V. Did the NDLB owe the Claimants a Duty of Care to take reasonable steps to protect their Health and Safety?
Introduction
Mr. Hendy contends that such a duty existed while Mr. Harvey submits that such a duty of care was only owed by the registered employer to the claimants but not by the NDLB. I was initially concerned about whether I could find a duty on the part of the
NDLB “to take reasonable steps to protect [the claimants’] health and safety” without also seeking to define that duty. In Crimmins v Stevedoring Industry Finance Committee [1999] HCA 59, the High Court of Australia had to decide whether the defendants owed a duty of care to the deceased. In answering this question in the affirmative, Gaudron J explained that:
“35 ….No question arises in this appeal as to what steps a reasonable authority would have taken in the circumstances of this case .It is, however, appropriate to note that that if there is a common law duty of care, that question was one to be decided by a jury.” .
So if I accept Mr. Hendy’s submission that the NDLB owed a duty of care to the claimants, the ambit of such a duty would in the absence of agreement between the parties have to be determined at a subsequent hearing . In order to determine if a duty was owed by the NDLB to the claimants, it is necessary to follow the approach of Lord Steyn in Marc Rich & Co v Bishop Rock Ltd [1996] AC 211 at 236 when he said that:
“None of the cases cited provide any realistic analogy to be used as a spring board for a decision one way or the other in this case.
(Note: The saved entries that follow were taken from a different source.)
(* Let $r\ge1$, $n$ be integers and let $\sigma:\mathbb{Z}_n\to\{0,1\}$ be a temporally periodic configuration in which every maximal homogeneous block has length at most $r$. Then $\sigma$ is balanced, i.e. $|\{i:\sigma(i)=0\}|=|\{i:\sigma(i)=1\}|$.
   Context: Cells are elements of $\mathbb{Z}_n$, arithmetic mod $n$; $[a,b]$ denotes the cyclic interval $a,\dots,b$. The majority rule with radius $r$: $\mathrm{maj}_r(\sigma)(i)=0$ if among the cells of $[i-r,i+r]$ strictly more have value $0$ than $1$ under $\sigma$, and $=1$ otherwise. $\sigma$ is temporally periodic if $\mathrm{maj}_r(\mathrm{maj}_r(\sigma))=\sigma$. A maximal homogeneous block of $\sigma$ with value $\beta$ is a cell interval $[i,j]$ with $\sigma(k)=\beta$ for all $k\in[i,j]$ and $\sigma(i-1)=\sigma(j+1)=1-\beta$. *)

From mathcomp Require Import all_boot all_order all_algebra.
Set Implicit Arguments. Unset Strict Implicit. Unset Printing Implicit Defensive.
Import GRing.Theory.
Local Open Scope ring_scope.

(* Configurations: sigma : 'Z_n -> bool, with false = 0 and true = 1.
   'Z_n is the ring Z/nZ (faithful for n >= 2). *)

Definition window (n r : nat) (i : 'Z_n) : seq 'Z_n :=
  [seq i - r%:R + k%:R | k <- iota 0 (r.*2.+1)].

Definition zeros_in (n r : nat) (s : 'Z_n -> bool) (i : 'Z_n) : nat :=
  count (fun j => ~~ s j) (window r i).
Definition ones_in (n r : nat) (s : 'Z_n -> bool) (i : 'Z_n) : nat :=
  count (fun j => s j) (window r i).

Definition maj (n r : nat) (s : 'Z_n -> bool) : 'Z_n -> bool :=
  fun i => ~~ (ones_in r s i < zeros_in r s i)%N.

Definition temporally_periodic (n r : nat) (s : 'Z_n -> bool) : Prop :=
  forall i, maj r (maj r s) i = s i.

(* The cyclic interval [i, i + L - 1] (1 <= L <= n) is a maximal homogeneous
   block of value b: all its cells have value b, and either it is the whole
   ring (L = n), or the neighbouring cells i-1 and i+L have value 1-b. *)
Definition max_hom_block (n : nat) (s : 'Z_n -> bool) (i : 'Z_n) (L : nat)
    (b : bool) : Prop :=
  [/\ (0 < L)%N, (L <= n)%N,
      (forall k : nat, (k < L)%N -> s (i + k%:R) = b)
    & L = n \/ (s (i - 1) = ~~ b /\ s (i + L%:R) = ~~ b)].

Definition balanced (n : nat) (s : 'Z_n -> bool) : Prop :=
  #|[pred i | ~~ s i]| = #|[pred i | s i]|.

(* Lift sigma and maj_r sigma to n-periodic sequences f, g : nat -> bool; temporal
   periodicity says that each of them is the r-majority of the other. A switch of g at A
   (g A <> g (A + 1)) forces the window of A to be balanced, with f (A - r) = g A and
   f (A + r + 1) = g (A + 1). If b is the next switch of g and p, p' are the first
   switches of f from A - r and from A + r + 1, then p + p' = A + b, and f has on (p, p']
   the same excess (number of 1s minus number of 0s) as g on (A, b]. Modulo n, A |-> p and
   A |-> p' inject the switches of g into those of f, so by symmetry they are bijections.
   Summing over the switches of g, the periodic parts cancel and X W = Y V, where X, Y are
   the excesses of f, g over a period, V = sum (b - A) >= 0 and W = sum (p' - p); as runs
   have length at most r, p < A and W - V = 2 sum (A - p) > 0. With the symmetric relation
   Y W' = X V' this forces X = 0. *)

From mathcomp Require Import all_boot all_order all_algebra zify ring.
Import GRing.Theory Num.Theory.
Set Implicit Arguments. Unset Strict Implicit. Unset Printing Implicit Defensive.

Definition sgn (b : bool) : int := if b then 1%R else (-1)%R.

Definition excess (h : nat -> bool) (k : nat) : int := (\sum_(j < k) sgn (h j))%R.

Definition switch (h : nat -> bool) (j : nat) : bool := h j != h j.+1.

Definition periodic (T : Type) (n : nat) (h : nat -> T) : Prop :=
  forall j, h (j + n) = h j.

Definition runs_at_most (r : nat) (h : nat -> bool) : Prop :=
  forall j, ~ (forall k, k <= r -> h (j + k) = h j).

Lemma excessS h k : excess h k.+1 = (excess h k + sgn (h k))%R.
Proof. by rewrite /excess big_ord_recr. Qed.

Lemma excessD h u m :
  excess h (u + m) = (excess h u + \sum_(k < m) sgn (h (u + k)%N))%R.
Proof.
elim: m => [|m IH]; first by rewrite addn0 big_ord0 addr0.
by rewrite addnS excessS IH big_ord_recr addrA.
Qed.

Lemma excess_run h u v c : u <= v -> (forall k, u <= k < v -> h k = c) ->
  excess h v = (excess h u + (v - u)%:Z * sgn c)%R.
Proof.
move=> uv hc; rewrite -{1}(subnKC uv) excessD; congr (_ + _)%R.
rewrite (eq_bigr (fun _ => sgn c)) => [|k _]; last by rewrite hc //; have := ltn_ord k; lia.
by rewrite sumr_const card_ord -mulr_natl natz.
Qed.

Lemma sum_sgn (h : nat -> bool) u m :
  (\sum_(k < m) sgn (h (u + k)%N) = 2 * (\sum_(k < m) h (u + k))%N%:Z - m%:Z)%R.
Proof.
elim: m => [|m IH]; first by rewrite !big_ord0.
by rewrite !big_ord_recr /= IH; case: (h (u + m)) => /=; lia.
Qed.

Lemma excess_sum h m : excess h m = (2 * (\sum_(k < m) h k)%N%:Z - m%:Z)%R.
Proof. by rewrite -[m in LHS]add0n excessD (sum_sgn h 0 m) /excess big_ord0 add0r. Qed.

Lemma excess_balanced (h : nat -> bool) j m :
  \sum_(k < m.*2) h (j + k) = m -> excess h (j + m.*2) = excess h j.
Proof. by rewrite excessD sum_sgn => ->; rewrite -muln2; lia. Qed.

Lemma periodicMn T n (h : nat -> T) : periodic n h -> forall j q, h (j + q * n) = h j.
Proof. by move=> hper j; elim=> [|q IH]; rewrite ?addn0 // mulSn addnA addnAC hper. Qed.

Lemma periodic_mod T n (h : nat -> T) : periodic n h -> forall j, h j = h (j %% n).
Proof. by move=> hper j; rewrite {1}(divn_eq j n) addnC periodicMn. Qed.

Lemma periodic_switch n h : periodic n h -> periodic n (switch h).
Proof. by move=> hper j; rewrite /switch -addSn !hper. Qed.

Lemma excess_periodD n h : periodic n h -> forall k, excess h (k + n) = (excess h k + excess h n)%R.
Proof.
move=> hper; elim=> [|k IH]; first by rewrite add0n /excess big_ord0 add0r.
by rewrite addSn !excessS IH hper addrAC.
Qed.

Lemma switch_between h u v : u <= v -> h u != h v -> exists2 j, u <= j < v & switch h j.
Proof.
elim: v => [|v IH]; first by rewrite leqn0 => /eqP ->; rewrite eqxx.
rewrite leq_eqVlt => /orP[/eqP ->|]; first by rewrite eqxx.
rewrite ltnS => uv huv; have [/eqP huv'|/(IH uv)[j /andP[uj jv] sj]] := boolP (h u == h v).
  by exists v; rewrite ?uv //= /switch -huv'.
by exists j => //; lia.
Qed.

Lemma run_until h u v c : h u = c -> (forall k, u <= k < v -> h k = c -> ~~ switch h k) ->
  forall k, u <= k <= v -> h k = c.
Proof.
move=> hu hc; elim=> [|k IH] /andP[uk kv]; first by move: uk; rewrite leqn0 => /eqP <-.
have [/eqP <-|uk'] := boolP (u == k.+1) => //.
have hk : h k = c by apply: IH; lia.
by have /negPn/eqP <- : ~~ switch h k by apply: hc => //; lia.
Qed.

Definition next_switch (n : nat) (h : nat -> bool) (j : nat) : nat :=
  j + find (fun d => switch h (j + d)) (iota 0 n).

Section NextSwitch.
Variables (n : nat) (h : nat -> bool).
Hypotheses (n_gt0 : 0 < n) (h_per : periodic n h) (h_switches : exists j, switch h j).

Lemma has_switch_within j : has (fun d => switch h (j + d)) (iota 0 n).
Proof.
have [j0 sw_j0] := h_switches; apply/hasP; exists ((j0 + j * n - j) %% n).
  by rewrite mem_iota add0n ltn_pmod.
have jle : j <= j0 + j * n by rewrite (leq_trans _ (leq_addl _ _)) // leq_pmulr.
rewrite -(periodicMn (periodic_switch h_per) _ ((j0 + j * n - j) %/ n)).
by rewrite -addnA [X in j + X]addnC -divn_eq subnKC // periodicMn //; apply: periodic_switch.
Qed.

Lemma leq_next_switch j : j <= next_switch n h j.
Proof. exact: leq_addr. Qed.

Lemma next_switch_lt j : next_switch n h j < j + n.
Proof. by rewrite ltn_add2l; move: (has_switch_within j); rewrite has_find size_iota. Qed.

Lemma switch_next_switch j : switch h (next_switch n h j).
Proof.
have hw := has_switch_within j; have := nth_find 0 hw.
by rewrite nth_iota ?add0n //; move: hw; rewrite has_find size_iota.
Qed.

Lemma no_switch_before j k : j <= k < next_switch n h j -> ~~ switch h k.
Proof.
move=> /andP[jk kn]; have kjn : k - j < n by have := next_switch_lt j; lia.
have := @before_find _ 0 (fun d => switch h (j + d)) (iota 0 n) (k - j).
by rewrite nth_iota // add0n subnKC // => -> //; rewrite ltn_subLR.
Qed.

Lemma next_switch_min j k : j <= k -> switch h k -> next_switch n h j <= k.
Proof.
move=> jk sk; rewrite leqNgt; apply/negP => lt_k.
by move: (@no_switch_before j k); rewrite jk lt_k sk => /(_ isT).
Qed.

Lemma next_switch_lt_change u v : u <= v -> h u != h v -> next_switch n h u < v.
Proof.
move=> uv huv; have [j /andP[uj jv] sj] := switch_between uv huv.
exact: leq_ltn_trans (next_switch_min uj sj) jv.
Qed.

Lemma next_switch_run j k : j <= k <= next_switch n h j -> h k = h j.
Proof.
apply: run_until => // k' /andP[jk' k'n] _.
by apply: (@no_switch_before j); rewrite jk'.
Qed.

Lemma next_switch_flip j : h (next_switch n h j).+1 = ~~ h j.
Proof.
have := switch_next_switch j; rewrite /switch (@next_switch_run j) ?leq_next_switch ?leqnn //.
by case: (h j); case: (h _.+1).
Qed.

Lemma next_switchMn j q : next_switch n h (j + q * n) = next_switch n h j + q * n.
Proof.
rewrite /next_switch addnAC; congr (_ + _ + _); apply: eq_find => d /=.
by rewrite addnAC periodicMn //; apply: periodic_switch.
Qed.

Lemma next_switch_unique A A' c : switch h A -> switch h A' ->
  A < c <= next_switch n h A.+1 -> A' < c <= next_switch n h A'.+1 -> A = A'.
Proof.
have le_sw B B' : switch h B' -> B < c <= next_switch n h B.+1 -> B' < c -> B' <= B.
  move=> sB' /andP[Bc cB] B'c; rewrite leqNgt; apply/negP => BB'.
  by move: (@no_switch_before B.+1 B'); rewrite BB' sB' (leq_trans B'c cB) => /(_ isT).
move=> sA sA' hA hA'; apply/eqP; rewrite eqn_leq.
by rewrite (le_sw A' A) ?(le_sw A A') //; case/andP: hA; case/andP: hA'.
Qed.
End NextSwitch.

Definition majority_of (r : nat) (f g : nat -> bool) : Prop :=
  forall j, g (j + r) = (r < \sum_(k < r.*2.+1) f (j + k)).

Lemma switch_majority r f g c : majority_of r f g -> r <= c -> switch g c ->
  [/\ f (c - r) = g c, f (c + r.+1) = g c.+1 & excess f (c + r.+1) = excess f (c - r).+1].
Proof.
(* The windows of c and c + 1 differ only in the cells c - r and c + r + 1. *)
move=> maj_fg rc; rewrite -(subnK rc) addnK; move: (c - r) => j {rc c}.
have -> : j + r + r.+1 = j.+1 + r.*2 by lia.
set T := \sum_(k < r.*2) f (j.+1 + k).
have win0 : \sum_(k < r.*2.+1) f (j + k) = f j + T.
  rewrite big_ord_recl addn0; congr (_ + _); apply: eq_bigr => i _.
  by rewrite lift0 addnS -addSn.
have win1 : \sum_(k < r.*2.+1) f (j.+1 + k) = T + f (j.+1 + r.*2).
  by rewrite big_ord_recr.
rewrite /switch -addSn !maj_fg win0 win1 => sw.
have T_r : T = r.
  by move: sw; case: (f j) (f _) => [] [] /=; case: ltnP => ?; case: ltnP => ? //=; lia.
rewrite T_r excess_balanced //.
by split=> //; [case: (f j) | case: (f _)]; rewrite /= ?add0n ?addn0 ?add1n ?addn1 ?ltnSn ?ltnn.
Qed.

Definition drift (n : nat) (h : nat -> bool) (k : nat) : int :=
  (n%:Z * excess h k - excess h n * k%:Z)%R.

Lemma drift_periodic n h : periodic n h -> periodic n (drift n h).
Proof. by move=> h_per k; rewrite /drift excess_periodD // PoszD; ring. Qed.

Lemma excessB_drift n h u v : (n%:Z * (excess h u - excess h v)
  = drift n h u - drift n h v + excess h n * (u%:Z - v%:Z))%R.
Proof. by rewrite /drift; ring. Qed.

Section Correspondence.
Variables (n r : nat) (f g : nat -> bool).
Hypotheses (n_gt0 : 0 < n) (r2_le_n : r.*2 <= n) (f_per : periodic n f) (g_per : periodic n g).
Hypotheses (f_switches : exists j, switch f j) (g_switches : exists j, switch g j).
Hypotheses (maj_fg : majority_of r f g) (maj_gf : majority_of r g f).

Definition run_end (A : nat) : nat := next_switch n g A.+1.
Definition left_partner (A : nat) : nat := next_switch n f (A - r).
Definition right_partner (A : nat) : nat := next_switch n f (A + r.+1).

Section Run.
Variable A : nat.
Hypotheses (sw_A : switch g A) (r2_le_A : r.*2 <= A).

Lemma g_before_run : g A = ~~ g A.+1.
Proof. by move: sw_A; rewrite /switch; case: (g A); case: (g A.+1). Qed.

Lemma g_on_run k : A.+1 <= k <= run_end A -> g k = g A.+1.
Proof. exact: next_switch_run. Qed.

Lemma g_after_run : g (run_end A).+1 = ~~ g A.+1.
Proof. exact: next_switch_flip. Qed.

Lemma A_lt_run_end : A < run_end A.
Proof. exact: leq_next_switch. Qed.

Lemma switch_run_end : switch g (run_end A).
Proof. exact: switch_next_switch. Qed.

Lemma r_le_A : r <= A.
Proof. lia. Qed.

Lemma r_le_run_end : r <= run_end A.
Proof. by have := A_lt_run_end; have := r_le_A; lia. Qed.

Lemma left_partner_spec :
  [/\ A - r <= left_partner A < run_end A - r,
      forall k, A - r <= k <= left_partner A -> f k = ~~ g A.+1
    & forall k, (left_partner A).+1 <= k <= run_end A - r -> f k = g A.+1].
Proof.
have b_gt := A_lt_run_end.
have [fA _ _] := switch_majority maj_fg r_le_A sw_A.
have [fb _ _] := switch_majority maj_fg r_le_run_end switch_run_end.
rewrite g_before_run in fA; rewrite g_on_run ?b_gt ?leqnn // in fb.
have p_ge : A - r <= left_partner A by apply: leq_next_switch.
have p_lt : left_partner A < run_end A - r.
  by apply: (next_switch_lt_change n_gt0 f_per f_switches); [lia | rewrite fA fb; case: (g _)].
split=> [|k hk|]; first by rewrite p_ge.
  by rewrite (next_switch_run n_gt0 f_per f_switches hk).
apply: run_until => [|k /andP[pk kb] fk].
  by rewrite (next_switch_flip n_gt0 f_per f_switches) fA negbK.
apply/negP => sw_k; have rk : r <= k by lia.
have [_ gk _] := switch_majority maj_gf rk sw_k.
rewrite g_on_run in gk; last by lia.
by move: sw_k; rewrite /switch fk gk eqxx.
Qed.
The present case can only be decided on the basis of an intense and particular focus on all its distinctive features, and then applying established legal principles to it”
So I must now consider the evidence in order to identify “the distinctive features” of this case and I bear in mind that the submission s have to be considered in the light of the port operations in Liverpool as a whole.
The distinctive features in the Regulations.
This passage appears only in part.